# horse putting head down...bucking or submission?



## lilruffian (Jun 28, 2010)

Was this the first time you'd ridden the mare?
I know when i bought my Arabian (she was 14 at the time) she bucked _every_ time we started to run. If i pulled her up & let her out at a run again she was usually OK but she had to get her bucks in first.
I switched saddles 3 times thinking it might be the gear but nothing changed. After about 10 rides during which we ran & she bucked she all of a sudden just quit. 
I've owned her for 2 1/2 years now & she's only bucked on my twice since those first few rides. I havent changed her tack at all.
What i figure is that she was testing me. Most likely because it had worked so many times with her previous owners.
The people who had her before me only owned her for a year & hardly rode her. All they said when they sold her to me was that she wasn't good for their discipline (english & jumping) & that she didnt like the contact.
I personally think they didn't like her bucking lol. Before that she was used as a pet/lesson horse for an elderly lady who was timid around horses so i doubt she ran her much.

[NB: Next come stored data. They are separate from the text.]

(* Let $G$ be a finite graph with edges labeled $1,\dots,n$, let $\sigma$ be a permutation of $\{1,\dots,n\}$, and let $G_\sigma$ be the same graph with the edge labeled $k$ in $G$ relabeled $\sigma(k)$. Then the chain complexes $\mathcal{C}(G)$ and $\mathcal{C}(G_\sigma)$ are isomorphic (by degree-preserving isomorphisms commuting with the differentials); consequently the cohomology groups $H^i(G)$ are independent of the ordering of the edges and are invariants of the graph.
   Context: Graphs are finite; loops and multiple edges allowed. For $G=(V,E)$ and $s\subseteq E$, $[G:s]$ is the spanning subgraph with edge set $s$. With $1*1=1$, $1*x=x*1=x$, $x*x=0$: an enhanced state is $S=(s,c)$, $s\subseteq E$, $c$ assigning $1$ or $x$ to each component of $[G:s]$; $i(S)=|s|$, $j(S)=$ number of components colored $x$. $C^{i,j}(G)$ is free abelian on enhanced states with $i(S)=i,j(S)=j$; $C^i(G)=\bigoplus_jC^{i,j}(G)$, graded by $j$. For an ordering of the edges, $d(S)=\sum_{e\in E\setminus s}(-1)^{n(e)}S_e$, $n(e)$ the number of edges of $s$ ordered before $e$; $S_e=(s\cup\{e\},c_e)$ where, if $e$ joins a component to itself, colors are unchanged, and if $e$ joins distinct components $E_1,E_2$ the merged component gets $c(E_1)*c(E_2)$ (and $S_e=0$ if this product is $0$). $\mathcal{C}(G)=(C^\bullet(G),d)$, and $H^i(G)$ is its $i$-th cohomology, graded by $j$. *)

From HB Require Import structures.
From mathcomp Require Import all_boot all_order all_algebra all_fingroup.
Set Implicit Arguments. Unset Strict Implicit. Unset Printing Implicit Defensive.
Import GRing.Theory.
Local Open Scope ring_scope.

(* A finite graph (loops and multiple edges allowed) with vertex type V and
   edges labelled by 'I_n; the edge with label k has endpoints [ends k].
   The ordering of the edges is the ordering of the labels. *)
Section ChromaticComplex.
Variables (V : finType) (n : nat) (ends : 'I_n -> V * V).

Definition sadj (s : {set 'I_n}) : rel V :=
  fun u v => [exists e in s, (ends e == (u, v)) || (ends e == (v, u))].

Definition sconn (s : {set 'I_n}) (u v : V) : bool := connect (sadj s) u v.

(* a colouring c : V -> bool (true = x, false = 1) constant on the
   components of [G:s] is the same thing as a colouring of the components *)
Definition valid_state (p : {set 'I_n} * {ffun V -> bool}) : bool :=
  [forall u, forall v, sconn p.1 u v ==> (p.2 u == p.2 v)].

Definition State := {p : {set 'I_n} * {ffun V -> bool} | valid_state p}.

Definition st_s (S : State) : {set 'I_n} := (val S).1.
Definition st_c (S : State) : {ffun V -> bool} := (val S).2.

Definition ideg (S : State) : nat := #|st_s S|.
Definition jdeg (S : State) : nat :=
  #|[set [set v | sconn (st_s S) u v] | u in [set u | st_c S u]]|.

Definition nbefore (s : {set 'I_n}) (e : 'I_n) : nat :=
  #|[set e' in s | (e' < e)%N]|.

(* colouring of S_e when it is nonzero: the component containing e gets
   c(E1)*c(E2) (= c(E1) if e joins a component to itself) *)
Definition newcol (s : {set 'I_n}) (c : {ffun V -> bool}) (e : 'I_n)
  : {ffun V -> bool} :=
  [ffun v => if sconn (s :|: [set e]) (ends e).1 v
             then c (ends e).1 || c (ends e).2 else c v].

Definition Se_zero (s : {set 'I_n}) (c : {ffun V -> bool}) (e : 'I_n) : bool :=
  [&& ~~ sconn s (ends e).1 (ends e).2, c (ends e).1 & c (ends e).2].

Definition dcoef (S T : State) : int :=
  \sum_(e : 'I_n | [&& e \notin st_s S,
                      st_s T == st_s S :|: [set e],
                      st_c T == newcol (st_s S) (st_c S) e
                    & ~~ Se_zero (st_s S) (st_c S) e])
     (-1) ^+ nbefore (st_s S) e.

(* the cochain group C(G) = free abelian group on the (finitely many)
   enhanced states; an element is its coefficient function *)
Definition Cochain := {ffun State -> int}.

Definition dmap (x : Cochain) : Cochain :=
  [ffun T => \sum_(S : State) x S * dcoef S T].

Definition inCij (i j : nat) (x : Cochain) : Prop :=
  forall S : State, x S != 0 -> ideg S = i /\ jdeg S = j.

End ChromaticComplex.

(* G_sigma: the edge labelled k in G gets label sigma k *)
Definition relabel (V : finType) (n : nat) (ends : 'I_n -> V * V)
  (sigma : {perm 'I_n}) : 'I_n -> V * V :=
  fun k => ends ((sigma^-1)%g k).

Definition complex_iso (V : finType) (n : nat) (e1 e2 : 'I_n -> V * V) : Prop :=
  exists f : Cochain e1 -> Cochain e2,
    [/\ forall x y, f (x + y) = f x + f y,
        bijective f,
        forall i j x, inCij i j x -> inCij i j (f x)
      & forall x, f (dmap x) = dmap (f x)].

(* Relabelling the edges by sigma maps an enhanced state (s, c) of G to the
   state (sigma s, c) of G_sigma, preserving both gradings and the terms S_e
   of the differential; only the signs (-1)^n(e) change.  Twist the induced
   map on cochains by (-1)^inv(s), where inv(s) counts the pairs of edges of s
   whose order sigma reverses.  Adding e to s changes inv by the number of
   a in s for which "a before e" and "sigma a before sigma e" disagree, and
   n(e) and the n(sigma e) of G_sigma differ by the same number mod 2. *)
From mathcomp Require Import all_boot all_order all_algebra all_fingroup.
Set Implicit Arguments. Unset Strict Implicit. Unset Printing Implicit Defensive.
Import GRing.Theory.
Local Open Scope ring_scope.

Lemma sign_card (R : pzRingType) (T : finType) (s : {set T}) (P : pred T) :
  (-1) ^+ #|[set a in s | P a]| = \prod_(a in s) (if P a then -1 else 1) :> R.
Proof.
rewrite -prodr_const big_mkcond [RHS]big_mkcond; apply: eq_bigr => a _.
by rewrite !inE; case: (a \in s); case: (P a).
Qed.

Section EdgeMap.
Variables (V : finType) (n : nat) (E1 E2 : 'I_n -> V * V) (h : 'I_n -> 'I_n).
Hypothesis E1h : forall k, E1 (h k) = E2 k.

Lemma sadj_imset (s : {set 'I_n}) : sadj E1 (h @: s) =2 sadj E2 s.
Proof.
move=> u v; apply/existsP/existsP.
- by case=> _ /andP[/imsetP[e es ->]]; rewrite E1h => uv; exists e; rewrite es.
- by case=> e /andP[es uv]; exists (h e); rewrite imset_f //= E1h.
Qed.

Lemma sconn_imset (s : {set 'I_n}) : sconn E1 (h @: s) =2 sconn E2 s.
Proof. by move=> u v; apply: eq_connect; apply: sadj_imset. Qed.

Lemma valid_state_imset (S : State E2) : valid_state E1 (h @: st_s S, st_c S).
Proof.
apply/forallP=> u; apply/forallP=> v; rewrite /= sconn_imset.
by have /forallP/(_ u)/forallP := valP S.
Qed.

Definition state_imset (S : State E2) : State E1 :=
  exist (valid_state E1) _ (valid_state_imset S).

Lemma st_s_state_imset (S : State E2) : st_s (state_imset S) = h @: st_s S.
Proof. by []. Qed.

Lemma st_c_state_imset (S : State E2) : st_c (state_imset S) = st_c S.
Proof. by []. Qed.

Lemma jdeg_state_imset (S : State E2) : jdeg (state_imset S) = jdeg S.
Proof.
have same_comp u : [set v | sconn E1 (st_s (state_imset S)) u v] =
                   [set v | sconn E2 (st_s S) u v].
  by apply/setP=> v; rewrite !inE st_s_state_imset sconn_imset.
by rewrite /jdeg st_c_state_imset (eq_imset _ same_comp).
Qed.

Lemma ideg_state_imset (S : State E2) : injective h -> ideg (state_imset S) = ideg S.
Proof. by move=> h_inj; rewrite /ideg st_s_state_imset card_imset. Qed.

Lemma newcol_imset (s : {set 'I_n}) (c : {ffun V -> bool}) (e : 'I_n) :
  newcol E1 (h @: s) c (h e) = newcol E2 s c e.
Proof.
by apply/ffunP=> v; rewrite !ffunE E1h -imset_set1 -imsetU sconn_imset.
Qed.

Lemma Se_zero_imset (s : {set 'I_n}) (c : {ffun V -> bool}) (e : 'I_n) :
  Se_zero E1 (h @: s) c (h e) = Se_zero E2 s c e.
Proof. by rewrite /Se_zero E1h sconn_imset. Qed.

End EdgeMap.

Section InversionSign.
Variables (n : nat) (sigma : {perm 'I_n}).

Definition inversion_sign2 (a b : 'I_n) : int :=
  if (a < b)%N && (sigma b < sigma a)%N then -1 else 1.

Definition inversion_sign (s : {set 'I_n}) : int :=
  \prod_(a in s) \prod_(b in s) inversion_sign2 a b.

Lemma inversion_sign_sqr (s : {set 'I_n}) :
  inversion_sign s * inversion_sign s = 1.
Proof.
rewrite /inversion_sign -big_split big1 // => a _.
by rewrite -big_split big1 // => b _; rewrite /inversion_sign2; case: ifP.
Qed.

Lemma inversion_signU1 (s : {set 'I_n}) (e : 'I_n) : e \notin s ->
  inversion_sign (e |: s) =
  inversion_sign s * \prod_(a in s) (inversion_sign2 e a * inversion_sign2 a e).
Proof.
move=> es; rewrite /inversion_sign big_setU1 //= big_setU1 //=.
rewrite (eq_bigr _ (fun a _ => big_setU1 _ es)) /=.
rewrite !big_split /= {1}/inversion_sign2 ltnn mul1r.
by rewrite mulrA mulrC.
Qed.

(* The pair {a, e} is inverted by sigma exactly when the comparisons of
   (a, e) and of (sigma a, sigma e) disagree. *)
Lemma perm_ltn_sign (a e : 'I_n) : a != e ->
  (if (sigma a < sigma e)%N then -1 else 1) =
  inversion_sign2 e a * inversion_sign2 a e * (if (a < e)%N then -1 else 1).
Proof.
move=> ae; have sae : sigma a != sigma e by rewrite (inj_eq perm_inj).
rewrite /inversion_sign2.
case: (ltngtP a e) => [||/val_inj eq_ae]; last by rewrite eq_ae eqxx in ae.
all: case: (ltngtP (sigma a) (sigma e)) => [||/val_inj eq_sae] //.
all: by rewrite eq_sae eqxx in sae.
Qed.

Lemma inversion_sign_nbefore (s : {set 'I_n}) (e : 'I_n) : e \notin s ->
  inversion_sign s * (-1) ^+ nbefore (sigma @: s) (sigma e) =
  inversion_sign (s :|: [set e]) * (-1) ^+ nbefore s e.
Proof.
move=> es; rewrite setUC inversion_signU1 // /nbefore !sign_card.
rewrite big_imset /=; last by move=> x y _ _; apply: perm_inj.
rewrite -mulrA; congr (_ * _); rewrite -big_split; apply: eq_bigr => a as_ /=.
by apply: perm_ltn_sign; apply: contraNneq es => <-.
Qed.

End InversionSign.

Lemma cochainDE (V : finType) (n : nat) (ends : 'I_n -> V * V)
  (x y : Cochain ends) (S : State ends) : (x + y) S = x S + y S.
Proof. exact: ffunE. Qed.

Lemma dmapE (V : finType) (n : nat) (ends : 'I_n -> V * V)
  (x : Cochain ends) (T : State ends) :
  dmap x T = \sum_(S : State ends) x S * dcoef S T.
Proof. exact: ffunE. Qed.

Section EdgeRelabelling.
Variables (V : finType) (n : nat) (ends ends' : 'I_n -> V * V).
Variable sigma : {perm 'I_n}.
Hypothesis ends'_sigma : forall k, ends' (sigma k) = ends k.
Local Notation eps := (inversion_sign sigma).

Lemma ends_sigmaV (k : 'I_n) : ends ((sigma^-1)%g k) = ends' k.
Proof. by rewrite -ends'_sigma permKV. Qed.

Definition relabel_state : State ends -> State ends' := state_imset ends'_sigma.
Definition unrelabel_state : State ends' -> State ends := state_imset ends_sigmaV.

Lemma relabel_stateK : cancel relabel_state unrelabel_state.
Proof.
move=> S; apply: val_inj; rewrite /= -imset_comp.
under eq_imset => x do rewrite /= permK.
by rewrite imset_id st_c_state_imset; case: S => [[]].
Qed.

Lemma unrelabel_stateK : cancel unrelabel_state relabel_state.
Proof.
move=> S; apply: val_inj; rewrite /= -imset_comp.
under eq_imset => x do rewrite /= permKV.
by rewrite imset_id st_c_state_imset; case: S => [[]].
Qed.

Lemma dcoef_relabel (S T : State ends) :
  eps (st_s S) * dcoef (relabel_state S) (relabel_state T) =
  eps (st_s T) * dcoef S T.
Proof.
have sigma_inj := @perm_inj _ sigma.
have sigma_setU1 (s : {set 'I_n}) e :
    sigma @: s :|: [set sigma e] = sigma @: (s :|: [set e]).
  by rewrite -imset_set1 imsetU.
rewrite /dcoef (reindex_inj sigma_inj) !mulr_sumr.
symmetry; apply: eq_big => [e|e]; rewrite !st_s_state_imset ?st_c_state_imset.
  rewrite (mem_imset _ _ sigma_inj) sigma_setU1 (inj_eq (imset_inj sigma_inj)).
  by rewrite (newcol_imset ends'_sigma) (Se_zero_imset ends'_sigma).
by move=> /and4P[es /eqP -> _ _]; rewrite inversion_sign_nbefore.
Qed.

Definition relabel_cochain (x : Cochain ends) : Cochain ends' :=
  [ffun T => eps (st_s (unrelabel_state T)) * x (unrelabel_state T)].

Definition unrelabel_cochain (y : Cochain ends') : Cochain ends :=
  [ffun S => eps (st_s S) * y (relabel_state S)].

(* Rewrites in goals mentioning cochains of both graphs are confined to one
   side or subterm: letting the matcher try a pattern on states of one graph
   against a term on states of the other makes it compare the two finType
   instances of states, which is very slow. *)
Lemma relabel_cochainE (x : Cochain ends) (S : State ends) :
  relabel_cochain x (relabel_state S) = eps (st_s S) * x S.
Proof. by rewrite [LHS]ffunE relabel_stateK. Qed.

Lemma unrelabel_cochainE (y : Cochain ends') (S : State ends) :
  unrelabel_cochain y S = eps (st_s S) * y (relabel_state S).
Proof. exact: ffunE. Qed.

Lemma relabel_cochainD (x y : Cochain ends) :
  relabel_cochain (x + y) = relabel_cochain x + relabel_cochain y.
Proof.
apply/ffunP=> T; rewrite -(unrelabel_stateK T) [RHS]cochainDE.
rewrite [LHS]relabel_cochainE [X in _ = X + _]relabel_cochainE.
rewrite [X in _ = _ + X]relabel_cochainE.
by rewrite cochainDE mulrDr.
Qed.

Lemma relabel_cochain_bij : bijective relabel_cochain.
Proof.
exists unrelabel_cochain => [x | y]; apply/ffunP.
- move=> S; rewrite [LHS]unrelabel_cochainE [in LHS]relabel_cochainE.
  by rewrite mulrA inversion_sign_sqr mul1r.
- move=> T; rewrite -(unrelabel_stateK T).
  rewrite [LHS]relabel_cochainE [in LHS]unrelabel_cochainE.
  by rewrite mulrA inversion_sign_sqr mul1r.
Qed.

Lemma relabel_cochain_Cij (i j : nat) (x : Cochain ends) :
  inCij i j x -> inCij i j (relabel_cochain x).
Proof.
move=> xij T; rewrite -(unrelabel_stateK T); move: (unrelabel_state T) => S.
rewrite relabel_cochainE mulf_eq0 negb_or => /andP[_ /xij].
by rewrite jdeg_state_imset (ideg_state_imset _ _ (@perm_inj _ sigma)).
Qed.

Lemma relabel_cochain_dmap (x : Cochain ends) :
  relabel_cochain (dmap x) = dmap (relabel_cochain x).
Proof.
have relabel_bij : bijective relabel_state.
  by exists unrelabel_state; [apply: relabel_stateK | apply: unrelabel_stateK].
apply/ffunP=> T; rewrite -(unrelabel_stateK T); move: (unrelabel_state T) => T0.
rewrite [LHS]relabel_cochainE [in LHS]dmapE [RHS]dmapE mulr_sumr.
rewrite [RHS](reindex relabel_state) /=; last exact: onW_bij.
apply: eq_bigr => S _; rewrite [in RHS]relabel_cochainE -mulrA.
by rewrite [RHS]mulrCA dcoef_relabel mulrCA.
Qed.

End EdgeRelabelling.

Lemma relabel_perm (V : finType) (n : nat) (ends : 'I_n -> V * V)
  (sigma : {perm 'I_n}) (k : 'I_n) : relabel ends sigma (sigma k) = ends k.
Proof. by rewrite /relabel permK. Qed.

Theorem mainTheorem3 (V : finType) (n : nat) (ends : 'I_n -> V * V)
  (sigma : {perm 'I_n}) :
  complex_iso ends (relabel ends sigma).
Proof.
have ends_sigma := relabel_perm ends sigma.
exists (relabel_cochain ends_sigma); split.
- exact: relabel_cochainD.
- exact: relabel_cochain_bij.
- exact: relabel_cochain_Cij.
- exact: relabel_cochain_dmap.
Qed.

As for determining if they're submitting or bucking you can usually feel it. I've never known an Arab to run with its head real low like some QH's do but if she wants to buck, her head will go down (usually forcefully and she may tuck her chin in), her body will tense and you can usually feel the tell-tale hump forming in their backs. Her stride might even slow or get shorter.
If you're nervous/think she may buck, just turn her.


----------



## Clair (Jun 7, 2010)

Ears pinned signals aggression. I find if they're not pinned or showing other signs of aggression, its probably collection/submission. Or happy bucks. Which aren't fantastic either!
_Posted via Mobile Device_


----------



## Arksly (Mar 13, 2010)

It depends on how it feels. 
Does she feel tensed/stressed? Or does she feel relaxed and supple? Is it hard to control her? Or does she respond instantly and willingly? 
Also, is she "curling up" (bringing her nose to her chest) or just lowering her head?
Most Arabians I've known weren't ones to go around with their heads near the ground.


----------



## usandpets (Jan 1, 2011)

I agree. Arabians don't normally have their head down except to buck, or the ground/footing is questionable. If she was dropping her head in submission, her neck should be straight. There is a different feel to the horse also. If the horse feels tight or tense, the back rounds up or the rear goes under, it will more than likely buck. If she is loose and relaxed, no buck.

I went through the same thing with our appy/qh. When I was training him, he liked to buck. As we transitioned to riding outside, I learned he just liked to keep his nose close to the ground as we went. I kept 'correcting' him because I thought he was going to buck. I finally decided to let him have his head down and correct him if he bucked. There wasn't a buck and he just wanted to have his head down.


----------



## Cherie (Dec 16, 2010)

You should have put her back into a canter after her warm-upin the RP. She talked you into pulling her up and getting off. So, she will do it again. She was probably feeling good and testing her position in your pecking order. She could be a little more bold next ride. 

A good steady head position that does not change unless you want it to comes from a rider not accepting any other position. This means that you 'bump' them with the reins when they carry their head too low. A good bump for dropping her head and a strong push forward would have corrected it unless she really wanted to be a bronc. Sounds more like a little crow-hop than a real buck-fest. If you judge it wrong, it can be a wreck, though.


----------



## Ilovemyarab (Jun 1, 2010)

Thanks everyone! lots of good advice. It was not the first time I had ridden her, but I probably haven't ridden her in six months or so. She's actually a lesson horse, so she is ridden by a lot of people of differing abilities. I know I should have loped her after the roundpenning. The think that confused me was that she was actually arching her neck and her ears weren't pinned.


----------



## NorthernMama (Mar 12, 2008)

Lots of horses won't pin their ears before/during a buck. Don't use that as a guideline. As Usandpets wrote, it is important to feel the muscles of the horse for signals. Also, if you are concerned at all about a buck, just don't let her put her head down that low. Wither height is fine. Any lower and just pull her up a bit and push forward.


----------



## gottatrot (Jan 9, 2011)

I've never had a horse put their head down while riding as a sign that they are submitting. A horse should respond to your rein cues by moving their head and neck position, but I don't think they should drop their head to say they are OK with the fact that you are cueing them. A horse should demonstrate that they are submitting to a cue by following the command that is asked of them.
Horses being ridden should not have their poll below their wither line unless they are on a trail and need to check out the footing or sniff an obstacle. Or if you are asking them to stretch out long and low on the bit. If a horse ever puts their head down low when we are going at a fast pace I assume they are either going to buck or are trying to evade the bit. Either one means I get their head up ASAP.


----------